(Dataset entries)
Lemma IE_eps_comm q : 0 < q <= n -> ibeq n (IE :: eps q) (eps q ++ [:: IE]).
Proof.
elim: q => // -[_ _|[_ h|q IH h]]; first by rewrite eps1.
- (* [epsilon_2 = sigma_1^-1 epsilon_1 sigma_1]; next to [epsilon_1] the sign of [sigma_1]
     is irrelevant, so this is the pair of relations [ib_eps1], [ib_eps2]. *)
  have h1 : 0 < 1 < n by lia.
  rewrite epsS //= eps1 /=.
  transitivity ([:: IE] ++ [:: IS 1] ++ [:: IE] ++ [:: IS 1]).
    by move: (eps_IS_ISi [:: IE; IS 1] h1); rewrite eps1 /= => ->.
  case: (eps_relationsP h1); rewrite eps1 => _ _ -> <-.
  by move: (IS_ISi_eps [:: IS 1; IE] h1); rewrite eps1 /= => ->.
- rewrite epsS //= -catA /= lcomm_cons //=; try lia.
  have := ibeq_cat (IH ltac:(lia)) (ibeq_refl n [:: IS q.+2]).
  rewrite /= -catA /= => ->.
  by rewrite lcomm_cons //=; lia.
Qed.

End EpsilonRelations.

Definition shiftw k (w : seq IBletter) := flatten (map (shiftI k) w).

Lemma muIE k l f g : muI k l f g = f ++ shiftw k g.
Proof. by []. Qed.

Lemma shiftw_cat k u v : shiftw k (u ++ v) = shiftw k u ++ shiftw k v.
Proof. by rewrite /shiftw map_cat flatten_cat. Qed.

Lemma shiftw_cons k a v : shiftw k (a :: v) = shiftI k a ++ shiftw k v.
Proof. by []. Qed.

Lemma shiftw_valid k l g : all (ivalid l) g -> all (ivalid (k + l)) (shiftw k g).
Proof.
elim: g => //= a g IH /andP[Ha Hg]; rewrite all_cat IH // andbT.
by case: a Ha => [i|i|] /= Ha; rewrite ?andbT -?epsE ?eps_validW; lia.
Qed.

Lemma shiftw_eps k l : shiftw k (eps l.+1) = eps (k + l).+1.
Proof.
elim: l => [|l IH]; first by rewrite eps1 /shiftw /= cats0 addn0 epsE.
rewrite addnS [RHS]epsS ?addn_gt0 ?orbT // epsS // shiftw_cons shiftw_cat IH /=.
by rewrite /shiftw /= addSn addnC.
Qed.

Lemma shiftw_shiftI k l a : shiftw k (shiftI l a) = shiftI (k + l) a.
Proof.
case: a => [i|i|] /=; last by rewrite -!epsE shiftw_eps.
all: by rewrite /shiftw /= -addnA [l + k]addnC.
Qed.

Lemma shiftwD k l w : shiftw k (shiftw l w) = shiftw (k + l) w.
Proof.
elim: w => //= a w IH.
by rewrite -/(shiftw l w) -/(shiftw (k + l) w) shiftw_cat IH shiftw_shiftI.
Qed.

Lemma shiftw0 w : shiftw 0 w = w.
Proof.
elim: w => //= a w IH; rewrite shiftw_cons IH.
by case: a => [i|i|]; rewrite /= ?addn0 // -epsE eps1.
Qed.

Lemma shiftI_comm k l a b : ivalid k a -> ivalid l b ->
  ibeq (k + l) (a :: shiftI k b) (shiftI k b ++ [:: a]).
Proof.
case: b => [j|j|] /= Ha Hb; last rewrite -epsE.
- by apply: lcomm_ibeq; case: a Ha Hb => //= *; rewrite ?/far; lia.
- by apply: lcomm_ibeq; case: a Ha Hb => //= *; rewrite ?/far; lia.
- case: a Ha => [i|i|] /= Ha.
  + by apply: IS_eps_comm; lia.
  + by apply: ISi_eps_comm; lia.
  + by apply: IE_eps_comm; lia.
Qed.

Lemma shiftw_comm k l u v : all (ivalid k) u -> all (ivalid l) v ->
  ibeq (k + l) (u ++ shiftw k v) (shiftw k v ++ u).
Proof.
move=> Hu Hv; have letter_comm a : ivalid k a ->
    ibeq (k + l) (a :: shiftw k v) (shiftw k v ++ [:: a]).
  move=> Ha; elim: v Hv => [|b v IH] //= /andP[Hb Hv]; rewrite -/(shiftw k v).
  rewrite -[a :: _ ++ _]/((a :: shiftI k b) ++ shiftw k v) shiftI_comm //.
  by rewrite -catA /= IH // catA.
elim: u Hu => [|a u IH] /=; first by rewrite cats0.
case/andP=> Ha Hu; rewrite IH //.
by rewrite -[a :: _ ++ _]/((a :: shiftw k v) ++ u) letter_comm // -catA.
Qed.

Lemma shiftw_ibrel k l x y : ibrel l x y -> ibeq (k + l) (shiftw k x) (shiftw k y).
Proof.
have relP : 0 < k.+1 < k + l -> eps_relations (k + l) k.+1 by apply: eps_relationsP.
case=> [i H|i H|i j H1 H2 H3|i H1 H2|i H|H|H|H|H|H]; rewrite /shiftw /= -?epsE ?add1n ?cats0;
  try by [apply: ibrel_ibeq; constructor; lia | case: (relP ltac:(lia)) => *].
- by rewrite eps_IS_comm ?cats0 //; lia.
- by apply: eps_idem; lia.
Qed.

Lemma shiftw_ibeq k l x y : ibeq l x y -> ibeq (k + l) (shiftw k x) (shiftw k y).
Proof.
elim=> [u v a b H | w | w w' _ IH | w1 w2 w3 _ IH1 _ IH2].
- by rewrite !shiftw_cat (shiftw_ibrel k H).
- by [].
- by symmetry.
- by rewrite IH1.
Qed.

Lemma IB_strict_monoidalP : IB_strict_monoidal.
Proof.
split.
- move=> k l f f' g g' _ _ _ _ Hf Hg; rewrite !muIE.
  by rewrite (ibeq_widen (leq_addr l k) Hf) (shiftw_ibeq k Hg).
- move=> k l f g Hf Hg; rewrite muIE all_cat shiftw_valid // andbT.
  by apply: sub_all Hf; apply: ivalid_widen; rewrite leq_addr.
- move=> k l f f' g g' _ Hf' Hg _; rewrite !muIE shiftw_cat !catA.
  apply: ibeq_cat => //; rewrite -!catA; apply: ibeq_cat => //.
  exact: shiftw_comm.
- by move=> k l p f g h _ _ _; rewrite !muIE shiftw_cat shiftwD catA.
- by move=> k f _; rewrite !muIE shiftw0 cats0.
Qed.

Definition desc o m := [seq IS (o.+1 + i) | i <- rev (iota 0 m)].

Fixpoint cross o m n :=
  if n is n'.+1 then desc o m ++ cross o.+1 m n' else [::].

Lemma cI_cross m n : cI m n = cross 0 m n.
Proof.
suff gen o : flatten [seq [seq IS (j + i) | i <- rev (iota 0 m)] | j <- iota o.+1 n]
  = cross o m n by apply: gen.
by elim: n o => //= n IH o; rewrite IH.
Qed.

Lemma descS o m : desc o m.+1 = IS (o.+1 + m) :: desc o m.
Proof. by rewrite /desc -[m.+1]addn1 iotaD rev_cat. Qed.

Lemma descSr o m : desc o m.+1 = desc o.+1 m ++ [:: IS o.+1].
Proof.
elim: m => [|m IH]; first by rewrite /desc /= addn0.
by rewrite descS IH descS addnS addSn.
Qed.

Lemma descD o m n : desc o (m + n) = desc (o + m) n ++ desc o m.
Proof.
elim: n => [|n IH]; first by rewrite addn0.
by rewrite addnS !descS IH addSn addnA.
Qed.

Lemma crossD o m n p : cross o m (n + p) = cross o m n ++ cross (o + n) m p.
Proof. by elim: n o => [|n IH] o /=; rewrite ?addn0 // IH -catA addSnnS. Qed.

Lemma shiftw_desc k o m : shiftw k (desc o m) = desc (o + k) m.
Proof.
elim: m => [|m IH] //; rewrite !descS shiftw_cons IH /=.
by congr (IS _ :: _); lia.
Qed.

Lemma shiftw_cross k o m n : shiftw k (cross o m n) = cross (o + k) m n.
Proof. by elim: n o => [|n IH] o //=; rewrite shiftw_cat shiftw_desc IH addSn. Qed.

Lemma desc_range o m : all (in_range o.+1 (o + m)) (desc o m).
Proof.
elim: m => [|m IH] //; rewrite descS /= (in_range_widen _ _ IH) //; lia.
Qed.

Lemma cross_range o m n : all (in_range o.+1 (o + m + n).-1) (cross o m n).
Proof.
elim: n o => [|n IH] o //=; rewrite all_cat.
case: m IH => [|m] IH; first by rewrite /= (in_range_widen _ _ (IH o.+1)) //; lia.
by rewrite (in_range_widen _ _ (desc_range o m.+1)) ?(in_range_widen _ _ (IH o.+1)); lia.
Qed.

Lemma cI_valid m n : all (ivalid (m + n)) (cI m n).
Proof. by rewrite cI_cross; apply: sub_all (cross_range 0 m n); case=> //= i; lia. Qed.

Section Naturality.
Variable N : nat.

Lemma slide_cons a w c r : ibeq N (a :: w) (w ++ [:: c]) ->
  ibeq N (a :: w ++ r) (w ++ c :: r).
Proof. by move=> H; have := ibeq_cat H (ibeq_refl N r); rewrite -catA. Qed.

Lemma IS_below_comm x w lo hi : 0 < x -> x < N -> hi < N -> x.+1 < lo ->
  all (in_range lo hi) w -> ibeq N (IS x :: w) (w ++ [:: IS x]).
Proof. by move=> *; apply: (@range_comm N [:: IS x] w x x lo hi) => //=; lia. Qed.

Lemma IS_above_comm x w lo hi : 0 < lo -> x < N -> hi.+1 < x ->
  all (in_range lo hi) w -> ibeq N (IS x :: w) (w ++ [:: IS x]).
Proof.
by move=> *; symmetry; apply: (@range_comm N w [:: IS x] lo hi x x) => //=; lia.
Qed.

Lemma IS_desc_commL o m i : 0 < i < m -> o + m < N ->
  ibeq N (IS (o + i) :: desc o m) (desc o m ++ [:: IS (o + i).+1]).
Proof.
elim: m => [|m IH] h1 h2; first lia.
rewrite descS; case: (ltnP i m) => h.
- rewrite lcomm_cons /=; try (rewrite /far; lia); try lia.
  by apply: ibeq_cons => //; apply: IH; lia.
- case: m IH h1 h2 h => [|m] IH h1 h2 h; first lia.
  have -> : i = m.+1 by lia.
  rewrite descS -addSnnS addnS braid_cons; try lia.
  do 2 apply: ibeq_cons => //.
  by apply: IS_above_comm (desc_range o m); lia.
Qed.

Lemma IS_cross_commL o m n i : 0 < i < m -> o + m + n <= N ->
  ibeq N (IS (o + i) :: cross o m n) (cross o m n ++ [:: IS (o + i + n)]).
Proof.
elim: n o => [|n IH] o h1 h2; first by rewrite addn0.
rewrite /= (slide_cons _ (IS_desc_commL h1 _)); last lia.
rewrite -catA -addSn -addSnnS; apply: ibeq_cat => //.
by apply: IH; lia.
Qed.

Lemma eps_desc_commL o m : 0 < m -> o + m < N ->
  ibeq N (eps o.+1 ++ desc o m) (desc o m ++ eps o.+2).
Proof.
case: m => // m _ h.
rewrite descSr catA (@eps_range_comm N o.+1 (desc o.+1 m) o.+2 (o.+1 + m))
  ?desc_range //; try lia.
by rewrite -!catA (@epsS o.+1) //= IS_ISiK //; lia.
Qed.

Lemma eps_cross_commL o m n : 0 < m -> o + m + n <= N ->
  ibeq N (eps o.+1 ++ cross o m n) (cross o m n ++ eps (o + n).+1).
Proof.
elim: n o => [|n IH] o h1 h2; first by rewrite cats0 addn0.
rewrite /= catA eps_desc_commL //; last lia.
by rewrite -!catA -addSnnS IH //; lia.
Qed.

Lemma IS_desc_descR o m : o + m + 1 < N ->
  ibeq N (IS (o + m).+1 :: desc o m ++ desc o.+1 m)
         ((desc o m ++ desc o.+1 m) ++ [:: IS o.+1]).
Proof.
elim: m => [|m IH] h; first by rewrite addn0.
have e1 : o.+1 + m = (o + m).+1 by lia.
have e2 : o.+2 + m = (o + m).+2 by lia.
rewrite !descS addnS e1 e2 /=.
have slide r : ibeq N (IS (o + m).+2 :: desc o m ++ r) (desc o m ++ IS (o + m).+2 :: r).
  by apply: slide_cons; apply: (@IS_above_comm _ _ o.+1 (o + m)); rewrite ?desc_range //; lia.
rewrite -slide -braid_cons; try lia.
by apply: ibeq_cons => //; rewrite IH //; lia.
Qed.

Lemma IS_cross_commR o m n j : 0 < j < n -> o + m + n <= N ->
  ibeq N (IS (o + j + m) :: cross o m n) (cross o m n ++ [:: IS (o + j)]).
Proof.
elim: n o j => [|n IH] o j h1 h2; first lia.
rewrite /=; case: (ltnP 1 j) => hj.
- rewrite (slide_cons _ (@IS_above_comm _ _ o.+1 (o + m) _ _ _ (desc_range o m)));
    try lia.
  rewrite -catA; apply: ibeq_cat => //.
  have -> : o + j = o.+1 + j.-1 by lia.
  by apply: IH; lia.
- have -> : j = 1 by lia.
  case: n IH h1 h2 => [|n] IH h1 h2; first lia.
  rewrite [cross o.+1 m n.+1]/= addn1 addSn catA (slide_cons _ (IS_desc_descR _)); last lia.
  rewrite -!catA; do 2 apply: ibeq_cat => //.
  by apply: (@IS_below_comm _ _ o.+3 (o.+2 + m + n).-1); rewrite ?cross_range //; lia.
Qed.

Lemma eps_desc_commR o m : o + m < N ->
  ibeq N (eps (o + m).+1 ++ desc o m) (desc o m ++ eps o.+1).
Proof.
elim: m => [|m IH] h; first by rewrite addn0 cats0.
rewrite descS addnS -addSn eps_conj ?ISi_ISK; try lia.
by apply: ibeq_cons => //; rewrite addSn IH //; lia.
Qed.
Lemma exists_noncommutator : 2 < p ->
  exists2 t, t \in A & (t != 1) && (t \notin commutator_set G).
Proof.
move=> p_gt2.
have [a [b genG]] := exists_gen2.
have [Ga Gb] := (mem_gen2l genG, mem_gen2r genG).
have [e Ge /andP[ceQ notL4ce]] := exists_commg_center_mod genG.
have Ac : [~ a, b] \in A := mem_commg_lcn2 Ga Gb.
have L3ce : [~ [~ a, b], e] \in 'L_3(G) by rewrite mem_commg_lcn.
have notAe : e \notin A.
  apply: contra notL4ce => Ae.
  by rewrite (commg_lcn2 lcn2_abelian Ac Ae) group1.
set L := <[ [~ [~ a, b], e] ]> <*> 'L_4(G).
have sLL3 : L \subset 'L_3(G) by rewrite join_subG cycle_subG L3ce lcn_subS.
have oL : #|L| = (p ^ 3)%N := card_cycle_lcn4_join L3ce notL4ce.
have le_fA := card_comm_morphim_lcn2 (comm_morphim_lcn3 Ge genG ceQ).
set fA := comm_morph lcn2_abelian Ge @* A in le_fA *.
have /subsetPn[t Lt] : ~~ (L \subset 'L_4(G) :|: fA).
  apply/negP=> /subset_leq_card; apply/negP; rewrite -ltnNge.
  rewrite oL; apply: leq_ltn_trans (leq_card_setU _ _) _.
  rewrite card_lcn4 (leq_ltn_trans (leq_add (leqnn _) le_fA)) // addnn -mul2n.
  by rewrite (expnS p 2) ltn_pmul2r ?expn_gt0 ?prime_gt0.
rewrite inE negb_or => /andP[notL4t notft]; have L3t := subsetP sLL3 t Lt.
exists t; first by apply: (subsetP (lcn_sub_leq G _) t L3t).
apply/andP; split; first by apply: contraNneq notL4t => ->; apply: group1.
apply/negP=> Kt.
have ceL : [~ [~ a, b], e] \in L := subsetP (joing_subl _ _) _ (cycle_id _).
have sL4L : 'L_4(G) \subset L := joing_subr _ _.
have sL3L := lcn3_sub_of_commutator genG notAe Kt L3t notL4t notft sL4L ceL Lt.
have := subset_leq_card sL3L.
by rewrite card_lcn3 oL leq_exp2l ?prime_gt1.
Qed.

▶ _Problem to work on_:
Show a copy of each line from the data that includes the word "symmetry".

▶ _Response to this task_:
- by symmetry.
by move=> *; symmetry; apply: (@range_comm N w [:: IS x] lo hi x x) => //=; lia.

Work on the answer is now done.